Août 2017. Des hackers parviennent à s’introduire dans les systèmes d’une entreprise pétrochimique saoudienne. L’objectif ? Saboter les opérations pour provoquer une explosion. Le pire a été évité de peu – c’est un bug dans le code malveillant qui a rendu l’attaque inopérante. Les conséquences auraient pu être dramatiques : au désastre environnemental se serait ajouté un lourd bilan humain. « Des ennemis sans visage ont démontré à la fois leur intention et leur capacité à infliger de sérieux dégâts physiques », écrit alors le New York Times.
Bien que cette attaque soit plus avancée que d’autres, elle n’est que la partie émergée de l’iceberg. Le rapport Risques environnementaux : cybersécurité et industries critiques, publié par Axa en 2020, alertait déjà sur des cyberattaques toujours plus nombreuses et plus ravageuses. « Certains des incidents rapportés ont impliqué des rejets d’eaux usées non traitées ou des fuites de pétrole non détectées par les systèmes », rappelait ainsi l’étude.
Du risque micro aux conséquences macro
Des risques pour l’environnement que les autorités prennent très au sérieux. Et sur lesquels les experts de la Redteam planchent activement pour être prêts à réagir en cas de catastrophe imminente. Cette équipe composée d’auteurs et de scénaristes de science-fiction « imagine les menaces pouvant directement mettre en danger la France et ses intérêts », explique son site. Le scénario intitulé Après la nuit carbonique met en scène un incendie dans un puits de pétrole, qui dégénère en « mégafeu ». « Des centaines de milliers d’hectares brûlent pendant des mois, plongeant le monde dans le noir. »
Un désastre environnemental, comme aurait pu le devenir l’attaque de l’usine pétrolière saoudienne, qui cristallise bien d’autres enjeux : réputationnels, financiers, économiques. À l’heure où les entreprises sont enjointes à prendre leur part dans la transition écologique, de telles catastrophes seraient dévastatrices pour elles aussi. Les cyber-criminels l’ont bien compris et appuient là où ça fait mal. Une étude d’Information Systems Research datant de 2020 a ainsi démontré que « les organisations présentant des rapports ESG trompeurs perçus comme du greenwashing constituent des cibles privilégiées« . Les pirates sont-ils écolos ? Ils sont plutôt pragmatiques : voler des preuves de greenwashing menace la réputation et donc la santé financière de l’entreprise victime qui sera plus encline à payer une rançon pour éviter qu’elles ne soient divulguées…

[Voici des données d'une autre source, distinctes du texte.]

Lemma sumN_cos_sin_double_angles N : (3 <= N)%nat ->
  sumN (fun k => cos (2 * (INR k * (2 * PI / INR N)))) N = 0 /\
  sumN (fun k => sin (2 * (INR k * (2 * PI / INR N)))) N = 0.
Proof.
  intros HN. set (th := 2 * PI / INR N).
  assert (HN0 : 0 < INR N) by (apply lt_0_INR; lia).
  destruct (two_PI_div_bounds N HN) as [Hth0 Hthp]. fold th in Hth0, Hthp.
  assert (Hs : 0 < sin th) by (apply sin_gt_0; auto).
  assert (Hend : 2 * (INR N * th) - th = - th + 2 * INR 2 * PI).
  { unfold th. replace (INR 2) with 2 by (simpl; ring). field. lra. }
  split.
  - assert (Ht := sumN_telescope (fun k => sin (2 * (INR k * th) - th)) N).
    rewrite (sumN_ext _ (fun k => 2 * sin th * cos (2 * (INR k * th)))) in Ht.
    2:{ intros k _. cbv beta. rewrite S_INR.
        replace (2 * ((INR k + 1) * th) - th) with (2 * (INR k * th) + th) by ring.
        rewrite sin_plus, sin_minus. ring. }
    rewrite sumN_scal in Ht. change (INR 0) with 0 in Ht. rewrite Hend, sin_period in Ht.
    replace (2 * (0 * th) - th) with (- th) in Ht by ring.
    assert (2 * sin th <> 0) by lra.
    apply Rmult_eq_reg_l with (2 * sin th); auto. rewrite Ht. ring.
  - assert (Ht := sumN_telescope (fun k => cos (2 * (INR k * th) - th)) N).
    rewrite (sumN_ext _ (fun k => - (2 * sin th) * sin (2 * (INR k * th)))) in Ht.
    2:{ intros k _. cbv beta. rewrite S_INR.
        replace (2 * ((INR k + 1) * th) - th) with (2 * (INR k * th) + th) by ring.
        rewrite cos_plus, cos_minus. ring. }
    rewrite sumN_scal in Ht. change (INR 0) with 0 in Ht. rewrite Hend, cos_period in Ht.
    replace (2 * (0 * th) - th) with (- th) in Ht by ring.
    assert (- (2 * sin th) <> 0) by lra.
    apply Rmult_eq_reg_l with (- (2 * sin th)); auto. rewrite Ht. ring.
Qed.

Definition quad_form (al be ga : R) (p : pt2) : R := al * (fst p * fst p) + 2 * be * (fst p * snd p) + ga * (snd p * snd p).

Lemma quad_form_rot al be ga phi x :
  quad_form al be ga (rot phi x) = (al + ga) / 2 * nrm2 x +
    cos (2 * phi) * ((al - ga) / 2 * (fst x * fst x - snd x * snd x) + 2 * be * (fst x * snd x)) +
    sin (2 * phi) * (be * (fst x * fst x - snd x * snd x) + (ga - al) * (fst x * snd x)).
Proof.
  unfold quad_form, rot, nrm2; simpl. rewrite cos_2a, sin_2a.
  pose proof (sin2_cos2 phi) as Hsc. unfold Rsqr in Hsc.
  replace ((al + ga) / 2 * (fst x * (fst x * 1) + snd x * (snd x * 1))) with
    ((al + ga) / 2 * (fst x * fst x + snd x * snd x) * (sin phi * sin phi + cos phi * cos phi)) by (rewrite Hsc; ring).
  field.
Qed.

Lemma sumN_quad_form_rot al be ga N x : (3 <= N)%nat ->
  sumN (fun k => quad_form al be ga (rot (INR k * (2 * PI / INR N)) x)) N = INR N * ((al + ga) / 2) * nrm2 x.
Proof.
  intros HN. destruct (sumN_cos_sin_double_angles N HN) as [Hc Hs].
  set (u := (al - ga) / 2 * (fst x * fst x - snd x * snd x) + 2 * be * (fst x * snd x)).
  set (v := be * (fst x * fst x - snd x * snd x) + (ga - al) * (fst x * snd x)).
  rewrite (sumN_ext _ (fun k => (al + ga) / 2 * nrm2 x +
    (u * cos (2 * (INR k * (2 * PI / INR N))) + v * sin (2 * (INR k * (2 * PI / INR N)))))).
  2:{ intros k _. rewrite quad_form_rot. unfold u, v. ring. }
  rewrite !sumN_plus, !sumN_scal, Hc, Hs, sumN_const. ring.
Qed.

Mieux vaut prévenir que souffrir
Les pirates sont aussi opportunistes. Si les opérateurs d’importance vitale (OIV) bénéficient d’une protection renforcée, nombre d’entreprises du secteur de l’énergie n’ont pas cette chance. Le rapport intitulé La priorité cyber, publié en 2022 par l’expert norvégien du management du risque DNV, montre que 80% des décideurs du secteur s’attendent à des incidents causant des dommages matériels et 57% des pertes de vie humaine. Pourtant, près d’1 décideur sur 3 (29%) estime que les organisations « ne feraient que réagir plutôt que se préparer ». Et pour cause : moins d’1 sur 2 reconnaît un besoin urgent d’améliorer la prévention d’une attaque majeure contre son entreprise…

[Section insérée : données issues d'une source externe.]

(* For every integer $d\ge 0$ there is a simplicial complex $\Delta$ with $\mathrm{ctd}(\Delta)\ge d$.
   Context: Given convex polytopes $P_1,\dots,P_n\subset\mathbb{R}^d$ each containing the origin and a point $\mu\in\mathbb{R}^d$, write $P_\sigma=\sum_{i\in\sigma}P_i$ (Minkowski sum) for $\sigma\subseteq[n]$, with $P_\emptyset=\{0\}$; the Minkowski complex $\Delta(\mathcal{P};\mu)$ is the simplicial complex on vertex set $[n]$ whose faces are the $\sigma\subseteq[n]$ with $\mu\notin P_\sigma$. The convex threshold dimension $\mathrm{ctd}(\Delta)$ of a simplicial complex $\Delta$ on vertex set $[n]$ is the smallest $d$ such that $\Delta=\Delta(\mathcal{P};\mu)$ for some family $\mathcal{P}=(P_1,\dots,P_n)$ of convex bodies (equivalently, convex polytopes) in $\mathbb{R}^d$ containing the origin and some $\mu\in\mathbb{R}^d$; this is finite for every simplicial complex. *)

From HB Require Import structures.
From mathcomp Require Import all_boot all_order all_algebra.
From mathcomp Require Import reals.
Set Implicit Arguments. Unset Strict Implicit. Unset Printing Implicit Defensive.
Import Order.TTheory GRing.Theory Num.Theory.
Local Open Scope ring_scope.

Definition simplicial_complex (n : nat) (D : {set {set 'I_n}}) : Prop :=
  forall s t : {set 'I_n}, s \in D -> t \subset s -> t \in D.

Definition in_conv (R : realType) (e : nat) (V : seq 'rV[R]_e) (x : 'rV[R]_e) : Prop :=
  exists w : 'I_(size V) -> R,
    (forall j, 0 <= w j) /\ \sum_j w j = 1 /\ \sum_j w j *: nth 0 V j = x.

Definition in_msum (R : realType) (e n : nat) (P : 'I_n -> seq 'rV[R]_e)
    (s : {set 'I_n}) (x : 'rV[R]_e) : Prop :=
  exists y : 'I_n -> 'rV[R]_e,
    (forall i, i \in s -> in_conv (P i) (y i)) /\ \sum_(i in s) y i = x.

Definition is_minkowski_complex (R : realType) (e n : nat)
    (P : 'I_n -> seq 'rV[R]_e) (mu : 'rV[R]_e) (D : {set {set 'I_n}}) : Prop :=
  forall s : {set 'I_n}, s \in D <-> ~ in_msum P s mu.

Definition realizable (R : realType) (n : nat) (D : {set {set 'I_n}}) (e : nat) : Prop :=
  exists (P : 'I_n -> seq 'rV[R]_e) (mu : 'rV[R]_e),
    (forall i, in_conv (P i) 0) /\ is_minkowski_complex P mu D.

From HB Require Import structures.
From mathcomp Require Import all_boot all_order all_algebra.
From mathcomp Require Import reals.
From Stdlib Require Import Classical.
Set Implicit Arguments.
Unset Strict Implicit.
Unset Printing Implicit Defensive.
Import Order.TTheory GRing.Theory Num.Theory.
Local Open Scope ring_scope.

(* Take the boundary complex of the d-dimensional cross-polytope, on vertices
   1, 1', ..., d, d', whose minimal non-faces are the pairs {j, j'}.  In a
   realization in R^e, mu lies in P_j + P_j', say mu = p_j + (mu - p_j).  If
   e < d, the p_j satisfy a nontrivial linear relation sum_j lam_j p_j = 0,
   which up to sign has sum_j lam_j <= 0.  With N the sum of the -lam_j over
   lam_j < 0, this gives
     mu = sum_(lam_j >= 0) (lam_j / N) p_j
          + sum_(lam_j < 0) (-lam_j / N) (mu - p_j)
   with all coefficients in [0, 1].  As every P_i contains the origin, this
   puts mu in P_s for a facet s of the cross-polytope: a contradiction. *)

Section ConvexHulls.
Variable R : realType.

Lemma in_conv_scale e (V : seq 'rV[R]_e) x t :
  in_conv V 0 -> in_conv V x -> 0 <= t <= 1 -> in_conv V (t *: x).
Proof.
move=> [w0 [w0_ge0 [w0_sum w0_x]]] [w [w_ge0 [w_sum w_x]]] /andP[t_ge0 t_le1].
exists (fun j => t * w j + (1 - t) * w0 j); split; [|split].
- by move=> j; rewrite addr_ge0 ?mulr_ge0 ?subr_ge0.
- by rewrite big_split /= -!mulr_sumr w_sum w0_sum !mulr1 addrC subrK.
- under eq_bigr => j _ do rewrite scalerDl -!scalerA.
  by rewrite big_split /= -!scaler_sumr w_x w0_x scaler0 addr0.
Qed.

Lemma in_msum_pair e n (P : 'I_n -> seq 'rV[R]_e) i k x :
  i != k -> in_msum P [set i; k] x ->
  exists2 y, in_conv (P i) y & in_conv (P k) (x - y).
Proof.
move=> neq_ik [y [y_conv y_sum]]; exists (y i); first exact/y_conv/set21.
rewrite -y_sum big_setU1 ?inE //= big_set1 addrC addrK.
exact/y_conv/set22.
Qed.

End ConvexHulls.

Lemma exists_linear_relation (F : fieldType) d e (p : 'I_d -> 'rV[F]_e) :
  (e < d)%N ->
  exists2 lam : 'I_d -> F, \sum_j lam j *: p j = 0 & exists j, lam j != 0.
Proof.
move=> lt_ed; pose M := \matrix_j p j.
have : kermx M != 0.
  rewrite kermx_eq0 /row_free; apply: contraL lt_ed => /eqP <-.
  by rewrite -leqNgt rank_leq_col.
case/rowV0Pn => v /sub_kermxP vM v_nz.
exists (fun j => v 0 j); last exact/rV0Pn.
by rewrite -[RHS]vM mulmx_sum_row; apply: eq_bigr => j _; rewrite rowK.
Qed.

Lemma ler_sum_term (R : numDomainType) (I : finType) (Q : pred I) (F : I -> R)
    j :
  Q j -> (forall k, Q k -> 0 <= F k) -> F j <= \sum_(k | Q k) F k.
Proof.
by move=> Qj F_ge0; rewrite (bigD1 j) //= lerDl sumr_ge0 // => k /andP[/F_ge0].
Qed.

Lemma abs_le_neg_mass (R : realDomainType) (I : finType) (lam : I -> R) i :
  \sum_k lam k <= 0 -> `|lam i| <= \sum_(k | lam k < 0) - lam k.
Proof.
rewrite (bigID (fun k => 0 <= lam k)) /=.
under [X in _ + X]eq_bigl do rewrite -ltNge.
rewrite -[X in _ + X]opprK -sumrN subr_le0 => pos_le_neg.
have [lam_ge0 | lam_lt0] := leP 0 (lam i).
- by rewrite ger0_norm //; apply: le_trans pos_le_neg; apply: ler_sum_term.
- by rewrite ltr0_norm //; apply: ler_sum_term => // k /ltW; rewrite oppr_ge0.
Qed.

Lemma split_lshift m n (j : 'I_m) : split (lshift n j) = inl j.
Proof. exact: (unsplitK (inl _ j)). Qed.

Lemma split_rshift m n (j : 'I_n) : split (rshift m j) = inr j.
Proof. exact: (unsplitK (inr _ j)). Qed.

Section CrossPolytope.
Variable d : nat.

(* Vertex j is [lshift d j] and its antipode j' is [rshift d j]. *)
Definition cross_complex : {set {set 'I_(d + d)}} :=
  [set s : {set 'I_(d + d)} |
    [forall j, ~~ ((lshift d j \in s) && (rshift d j \in s))]].

Definition cross_facet (b : 'I_d -> bool) : {set 'I_(d + d)} :=
  [set i | match split i with inl j => b j | inr j => ~~ b j end].

Lemma cross_complex_simplicial : simplicial_complex cross_complex.
Proof.
move=> s t; rewrite !inE => /forallP s_face /subsetP sub_ts.
apply/forallP => j; apply: contra (s_face j) => /andP[l_t r_t].
by rewrite sub_ts ?sub_ts.
Qed.

Lemma cross_pair_notin j : [set lshift d j; rshift d j] \notin cross_complex.
Proof.
by rewrite inE negb_forall; apply/existsP; exists j; rewrite !inE !eqxx orbT.
Qed.

Lemma cross_facet_in b : cross_facet b \in cross_complex.
Proof.
rewrite inE; apply/forallP => j.
by rewrite !inE split_lshift split_rshift andbN.
Qed.

Lemma in_msum_cross_facet (R : realType) e (P : 'I_(d + d) -> seq 'rV[R]_e)
    (b : 'I_d -> bool) (u v : 'I_d -> 'rV[R]_e) :
  (forall j, b j -> in_conv (P (lshift d j)) (u j)) ->
  (forall j, ~~ b j -> in_conv (P (rshift d j)) (v j)) ->
  in_msum P (cross_facet b) (\sum_j (if b j then u j else v j)).
Proof.
move=> u_conv v_conv.
exists (fun i => match split i with inl j => u j | inr j => v j end); split.
  move=> i; rewrite inE.
  by case: split_ordP => j ->; [exact: u_conv | exact: v_conv].
rewrite big_mkcond big_split_ord /= -big_split; apply: eq_bigr => j _ /=.
by rewrite !inE split_lshift split_rshift; case: (b j); rewrite ?addr0 ?add0r.
Qed.

End CrossPolytope.

Section CrossRealization.
Variables (R : realType) (d e : nat) (P : 'I_(d + d) -> seq 'rV[R]_e).
Variables (mu : 'rV[R]_e) (p : 'I_d -> 'rV[R]_e).
Hypothesis P0 : forall i, in_conv (P i) 0.
Hypothesis Pl : forall j, in_conv (P (lshift d j)) (p j).
Hypothesis Pr : forall j, in_conv (P (rshift d j)) (mu - p j).

Lemma in_msum_cross_facet_of_relation (lam : 'I_d -> R) :
  \sum_j lam j *: p j = 0 -> \sum_j lam j <= 0 -> (exists j, lam j != 0) ->
  in_msum P (cross_facet (fun j => 0 <= lam j)) mu.
Proof.
move=> rel sum_le0 [j0 lam_j0_neq0].
set N := \sum_(j | lam j < 0) - lam j.
have le_N j : `|lam j| <= N := abs_le_neg_mass j sum_le0.
have N_gt0 : 0 < N by apply: lt_le_trans (le_N j0); rewrite normr_gt0.
pose t j := `|lam j| / N.
have t_01 j : 0 <= t j <= 1.
  by rewrite divr_ge0 ?normr_ge0 ?(ltW N_gt0) // ler_pdivrMr // mul1r le_N.
have decomp :
    \sum_j (if 0 <= lam j then t j *: p j else t j *: (mu - p j)) = mu.
  transitivity (N^-1 *: \sum_j lam j *: p j + (N^-1 * N) *: mu); last first.
    by rewrite rel scaler0 add0r mulVf ?gt_eqF // scale1r.
  rewrite scaler_sumr mulr_sumr scaler_suml [\sum_(j | lam j < 0) _]big_mkcond.
  rewrite -big_split /=.
  apply: eq_bigr => j _; rewrite /t; case: leP => lam_j.
    by rewrite ger0_norm // addr0 scalerA mulrC.
  rewrite ltr0_norm // scalerBr addrC -scaleNr !scalerA.
  by rewrite ![N^-1 * _]mulrC -mulNr opprK.
rewrite -decomp.
by apply: in_msum_cross_facet => j _; apply: in_conv_scale.
Qed.

Lemma exists_cross_face_msum (lam : 'I_d -> R) :
  \sum_j lam j *: p j = 0 -> (exists j, lam j != 0) ->
  exists2 s, s \in cross_complex d & in_msum P s mu.
Proof.
wlog sum_le0 : lam / \sum_j lam j <= 0 => [gen rel lam_nz | rel lam_nz].
  have [/gen/(_ rel lam_nz) //|sum_gt0] := leP (\sum_j lam j) 0.
  have [j0 lam_j0_neq0] := lam_nz.
  apply: (gen (fun j => - lam j)).
  - by rewrite sumrN oppr_le0 ltW.
  - by under eq_bigr do rewrite scaleNr; rewrite sumrN rel oppr0.
  - by exists j0; rewrite oppr_eq0.
exists (cross_facet (fun j => 0 <= lam j)); first exact: cross_facet_in.
exact: in_msum_cross_facet_of_relation.
Qed.

End CrossRealization.

Theorem corollary4 (R : realType) (d : nat) :
  exists (n : nat) (D : {set {set 'I_n}}),
    simplicial_complex D /\ forall e : nat, realizable R D e -> (d <= e)%N.
Proof.
exists (d + d), (cross_complex d); split; first exact: cross_complex_simplicial.
move=> e [P [mu [P0 PD]]]; rewrite leqNgt; apply/negP => lt_ed.
have /fin_all_exists2 [p Pl Pr] : forall j : 'I_d,
    exists2 q, in_conv (P (lshift d j)) q & in_conv (P (rshift d j)) (mu - q).
  move=> j; apply: in_msum_pair; first by rewrite eq_lrshift.
  by apply: NNPP => /PD; apply/negP/cross_pair_notin.
have [lam rel lam_nz] := exists_linear_relation p lt_ed.
have [s s_face s_msum] := exists_cross_face_msum P0 Pl Pr rel lam_nz.
exact: (PD s).1 s_face s_msum.
Qed.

Les entreprises doivent donc encore prendre conscience de leur vulnérabilité mais aussi des conséquences en cascade qu’une cyberattaque réussie provoquerait, qu’elles soient dématérialisées ou physiques. Car en matière d’environnement, plus encore que dans d’autres secteurs, comme le rappelle Axa en conclusion de son étude, « un centime investi dans la prévention peut faire économiser des millions à chercher une solution ».